Reiseveranstalter Berge & Meer

+ Das war unsere erste Reise mit Berge und Meer und wir würden es wieder tun.
+ Das Informationsmaterial bei Reiseantritt war ausreichend und gut.
+ Unsere beiden Reiseführer vor Ort, deutsche Auswanderer, leben seit über 40 Jahren in Südafrika. Sie glänzten mit viel Fachwissen und Hintergrundinformationen. Das soll aber im Parallel-Bus auf einer Tour nicht so gut gewesen sein.
+ Zeiteinteilung für Besichtigungen, Pausen gut, war aber nicht bei allen Reiseleitern gleich gut.
+ 3 bis 4 Sterne Hotels i.d.R. gut, sehr gutes Preis/Leistungsverhältnis.
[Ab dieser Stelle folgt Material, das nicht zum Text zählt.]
(* Let $\langle\mathbf{A},F\rangle$ be a finite reduced matrix and let $\vdash$ be the logic it determines. Let $Tm(x)$ (resp. $Tm(x,y)$) be the universe of the free one-generated (resp. two-generated) algebra in the variety generated by $\mathbf{A}$, whose elements are identified with chosen formulas in the variable $x$ (resp. $x,y$) representing them (one representative for each unary, resp. binary, term function of $\mathbf{A}$). Define $\Delta(x,y)=\{\varphi\in Tm(x,y):\varphi^{\mathbf{A}}(a,a)\in F\text{ for all }a\in A\}$ and $\tau(x)=\{\epsilon\approx\delta:\epsilon,\delta\in Tm(x),\ \epsilon^{\mathbf{A}}(a)=\delta^{\mathbf{A}}(a)\text{ for all }a\in F\}$. Then: (1) $\vdash$ is protoalgebraic iff $\emptyset\vdash\Delta(x,x)$ and $x,\Delta(x,y)\vdash y$. (2) $\vdash$ is equivalential iff $\emptyset\vdash\Delta(x,x)$, $x,\Delta(x,y)\vdash y$, and for every basic $n$-ary operation $f$, $\Delta(x_1,y_1)\cup\dots\cup\Delta(x_n,y_n)\vdash\Delta(f(x_1,\dots,x_n),f(y_1,\dots,y_n))$. (3) $\vdash$ is weakly algebraizable (resp. algebraizable) iff $\vdash$ is protoalgebraic (resp. equivalential) and for every submatrix $\langle\mathbf{B},G\rangle$ of $\langle\mathbf{A},F\rangle$ and every $b\in B$: $b\in G$ iff $\mathbf{B}/\Omega^{\mathbf{B}}G\vDash\tau(b/\Omega^{\mathbf{B}}G)$. (4) $\vdash$ is truth-equational iff for every $\langle\mathbf{B},G\rangle\in\mathrm{Mod}^{*}(\vdash)$ with $\mathbf{B}$ one-generated we have $G=\{b\in B:\mathbf{B}\vDash\tau(b)\}$, and $F\subseteq\{a\in A:\mathbf{A}/\Omega^{\mathbf{A}}F\vDash\tau(a/\Omega^{\mathbf{A}}F)\}$.
   Context: A (logical) matrix is a pair $\langle \mathbf{A}, F\rangle$ with $\mathbf{A}$ an algebra and $F\subseteq A$. The Leibniz congruence $\Omega^{\mathbf{A}}F$ is the largest congruence of $\mathbf{A}$ for which $F$ is a union of blocks; the matrix is reduced if it is the identity. A submatrix of $\langle\mathbf{A},F\rangle$ is $\langle\mathbf{B},F\cap B\rangle$ for a subalgebra $\mathbf{B}$ of $\mathbf{A}$. A logic is a substitution-invariant closure relation on formulas of a fixed algebraic language; the logic determined by $\langle\mathbf{A},F\rangle$: $\Gamma\vdash\varphi$ iff every evaluation $f$ into $\mathbf{A}$ with $f[\Gamma]\subseteq F$ has $f(\varphi)\in F$. A model of $\vdash$ is a matrix $\langle\mathbf{B},G\rangle$ with $\vdash\subseteq\vdash_{\langle\mathbf{B},G\rangle}$; $\mathrm{Mod}^{*}(\vdash)$ is the class of reduced models. $\vdash$ is protoalgebraic if there is a set of formulas $\Delta'(x,y,\vec z)$ such that for every model $\langle\mathbf{B},G\rangle$ and $a,b\in B$: $\langle a,b\rangle\in\Omega^{\mathbf{B}}G$ iff $\Delta'(a,b,\vec c)\subseteq G$ for all $\vec c\in B$; equivalential if such $\Delta'$ exists without parameters $\vec z$. $\vdash$ is truth-equational if there is a set of equations $\tau'(x)$ with $G=\{b\in B:\mathbf{B}\vDash\tau'(b)\}$ for every $\langle\mathbf{B},G\rangle\in\mathrm{Mod}^{*}(\vdash)$. Algebraizable = equivalential and truth-equational; weakly algebraizable = protoalgebraic and truth-equational. *)

From Stdlib Require List.
From mathcomp Require Import all_boot.
Set Implicit Arguments. Unset Strict Implicit. Unset Printing Implicit Defensive.

Record signature := Signature { sym : Type; arity : sym -> nat }.

Section AAL.
Variable L : signature.

(* Formulas over the countable set of variables Var 0, Var 1, ...
   Convention: x = Var 0, y = Var 1. *)
Inductive term : Type :=
| Var : nat -> term
| App : forall o : sym L, ('I_(arity o) -> term) -> term.
Arguments App o _ : clear implicits.

Record algebra := Algebra {
  carrier :> Type;
  op : forall o : sym L, ('I_(arity o) -> carrier) -> carrier }.
Arguments op a o _ : clear implicits.

Fixpoint eval (A : algebra) (h : nat -> A) (t : term) : A :=
  match t with
  | Var n => h n
  | App o ts => op A o (fun i => eval h (ts i))
  end.

Fixpoint vars_below (n : nat) (t : term) : Prop :=
  match t with
  | Var k => k < n
  | App o ts => forall i, vars_below n (ts i)
  end.

Fixpoint subst (s : nat -> term) (t : term) : term :=
  match t with
  | Var k => s k
  | App o ts => App o (fun i => subst s (ts i))
  end.

Definition sub2 (a b : term) (k : nat) : term :=
  match k with 0 => a | 1 => b | _ => Var k end.

Definition logic := (term -> Prop) -> term -> Prop.

Definition mcons (A : algebra) (F : A -> Prop) : logic :=
  fun Gamma phi => forall h : nat -> A,
    (forall psi, Gamma psi -> F (eval h psi)) -> F (eval h phi).

Definition is_model (Lg : logic) (B : algebra) (G : B -> Prop) : Prop :=
  forall Gamma phi, Lg Gamma phi -> mcons G Gamma phi.

Definition congruence (B : algebra) (th : B -> B -> Prop) : Prop :=
  (forall a, th a a) /\ (forall a b, th a b -> th b a) /\
  (forall a b c, th a b -> th b c -> th a c) /\
  (forall o (xs ys : 'I_(arity o) -> B),
      (forall i, th (xs i) (ys i)) -> th (op B o xs) (op B o ys)).

Definition compatible (B : algebra) (th : B -> B -> Prop) (G : B -> Prop) :=
  forall a b, th a b -> G a -> G b.

(* Leibniz congruence: the largest congruence compatible with G
   (= union of all compatible congruences). *)
Definition Leibniz (B : algebra) (G : B -> Prop) (a b : B) : Prop :=
  exists th, congruence th /\ compatible th G /\ th a b.

Definition reduced (B : algebra) (G : B -> Prop) : Prop :=
  forall a b, Leibniz G a b -> a = b.

Definition protoalgebraic (Lg : logic) : Prop :=
  exists D : term -> Prop,
    forall (B : algebra) (G : B -> Prop), is_model Lg G ->
    forall a b : B, Leibniz G a b <->
      (forall h : nat -> B, h 0 = a -> h 1 = b ->
         forall phi, D phi -> G (eval h phi)).

Definition equivalential (Lg : logic) : Prop :=
  exists D : term -> Prop,
    (forall phi, D phi -> vars_below 2 phi) /\
    forall (B : algebra) (G : B -> Prop), is_model Lg G ->
    forall a b : B, Leibniz G a b <->
      (forall h : nat -> B, h 0 = a -> h 1 = b ->
         forall phi, D phi -> G (eval h phi)).

Definition sat_eqs (B : algebra) (tau : term * term -> Prop) (b : B) : Prop :=
  forall e, tau e -> eval (fun _ => b) e.1 = eval (fun _ => b) e.2.

Definition truth_equational (Lg : logic) : Prop :=
  exists tau : term * term -> Prop,
    (forall e, tau e -> vars_below 1 e.1 /\ vars_below 1 e.2) /\
    forall (B : algebra) (G : B -> Prop), is_model Lg G -> reduced G ->
      forall b : B, G b <-> sat_eqs tau b.

Definition weakly_algebraizable (Lg : logic) : Prop :=
  protoalgebraic Lg /\ truth_equational Lg.

Definition algebraizable (Lg : logic) : Prop :=
  equivalential Lg /\ truth_equational Lg.

(* B/Omega^B G |= tau(b/Omega^B G): the quotient operations are defined
   blockwise, so this says each equation holds up to Omega^B G. *)
Definition quot_sat (B : algebra) (G : B -> Prop)
    (tau : term * term -> Prop) (b : B) : Prop :=
  forall e, tau e -> Leibniz G (eval (fun _ => b) e.1) (eval (fun _ => b) e.2).

Definition subuniverse (A : algebra) (S : A -> Prop) : Prop :=
  forall o (xs : 'I_(arity o) -> A), (forall i, S (xs i)) -> S (op A o xs).

Definition subalg (A : algebra) (S : A -> Prop) (HS : subuniverse S) : algebra :=
  @Algebra {a : A | S a}
    (fun o xs => exist _ (op A o (fun i => proj1_sig (xs i)))
                        (HS o _ (fun i => proj2_sig (xs i)))).

Definition one_generated (B : algebra) : Prop :=
  exists g : B, forall c : B, exists t, vars_below 1 t /\ eval (fun _ => g) t = c.

Definition finite_algebra (A : algebra) : Prop :=
  exists l : list A, forall a, List.In a l.

Definition same_fun (A : algebra) (s t : term) : Prop :=
  forall h : nat -> A, eval h s = eval h t.

(* R is a set of chosen representatives (one for each n-ary term function
   of A) of formulas in the variables Var 0..Var (n-1): the universe of the
   free n-generated algebra of V(A). *)
Definition rep_system (A : algebra) (n : nat) (R : term -> Prop) : Prop :=
  (forall phi, R phi -> vars_below n phi) /\
  (forall psi, vars_below n psi -> exists phi, R phi /\ same_fun A phi psi) /\
  (forall phi phi', R phi -> R phi' -> same_fun A phi phi' -> phi = phi').

Definition Delta (A : algebra) (F : A -> Prop) (R2 : term -> Prop) : term -> Prop :=
  fun phi => R2 phi /\ forall a : A, F (eval (fun _ => a) phi).

Definition tau_of (A : algebra) (F : A -> Prop) (R1 : term -> Prop)
    : term * term -> Prop :=
  fun e => R1 e.1 /\ R1 e.2 /\
    forall a : A, F a -> eval (fun _ => a) e.1 = eval (fun _ => a) e.2.

End AAL.

(* Two facts about an arbitrary model <B,G> of the logic of <A,F> carry the
   proof.  The Leibniz congruence of G is indiscernibility by G under all unary
   polynomials of B.  And a quasi-identity "Gamma(x) in F implies eps(x) = del(x)"
   valid in <A,F> yields "Gamma(b) in G implies eps(b) = del(b) modulo Omega G"
   in every model: with Gamma = {x} every element of G satisfies tau modulo
   Omega G, and with Gamma empty, unary terms inducing the same term function
   on A agree in every reduced model.

   (1), (2): under x, Delta(x,y) |- y the formulas phi(x,y,z) with
   |- phi(x,x,z) define the Leibniz congruence of every model; conversely, a
   protoalgebraic set makes x and y Leibniz-congruent in the two-variable
   Lindenbaum matrix of {x} u Delta(x,y), whose formulas valid at (a,a) are
   equivalent to members of Delta.  If the logic is equivalential, Delta(a,b)
   in F forces a = b in the reduced <A,F>, which yields the congruence rules;
   conversely these rules make Delta itself define the Leibniz congruence.

   (3), (4): if tau defines truth in reduced models, passing to the reduced
   quotient shows that it defines truth modulo Omega G in every model.
   Conversely, if b satisfies tau but is not in G, some a outside F satisfies
   every unary formula true at b; the submatrix generated by a violates an
   equation of tau modulo Omega, and protoalgebraicity carries this failure
   back to b.  For (4) one passes to the reduced quotient of the submodel
   generated by b, which is one-generated. *)

From mathcomp Require Import all_boot.
From Stdlib Require Import FunctionalExtensionality PropExtensionality ProofIrrelevance.
From Stdlib Require Import Classical ClassicalEpsilon.

Set Implicit Arguments. Unset Strict Implicit. Unset Printing Implicit Defensive.

Section Evaluation.
Variable L : signature.
Implicit Types (B C : algebra L) (t phi : term L).

Lemma eq_eval_below B n (h h' : nat -> B) t :
  vars_below n t -> (forall k, k < n -> h k = h' k) -> eval h t = eval h' t.
Proof.
move=> + eq_hh'; elim: t => [k|o ts IH] /=; first exact: eq_hh'.
by move=> ts_below; congr op; apply: functional_extensionality => i; apply: IH.
Qed.

Lemma eval_below1 B (h : nat -> B) t : vars_below 1 t -> eval h t = eval (fun=> h 0) t.
Proof. by move=> t_below; apply: eq_eval_below t_below _ => -[]. Qed.

Lemma eval_subst B (h : nat -> B) s t :
  eval h (subst s t) = eval (fun k => eval h (s k)) t.
Proof.
elim: t => [k|o ts IH] //=.
by congr op; apply: functional_extensionality => i; apply: IH.
Qed.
Seit 1994 wurden alle Hotels von Schwarzen übernommen. Sie bemühen sich zwar den üblichen Hotelstandard zu erhalten, doch oft klappt das nicht immer wie erwartet.
+ Guter Bus, gute Fahrer. Gut auch das Sitzplatzrotationsprinzip. So saß jeder mal vorne.
o Wenn es denn einen Meckerpunkt gibt, dann der: Beim Einchecken in Frankfurt wurden wir als Gruppe von Berge&Meer behandelt. Und Gruppenreisende können keine Sitzplätze reservieren und sie nur eingeschränkt wählen. - In Johannesburg war die Sitzplatzwahl komischerweise kein Problem.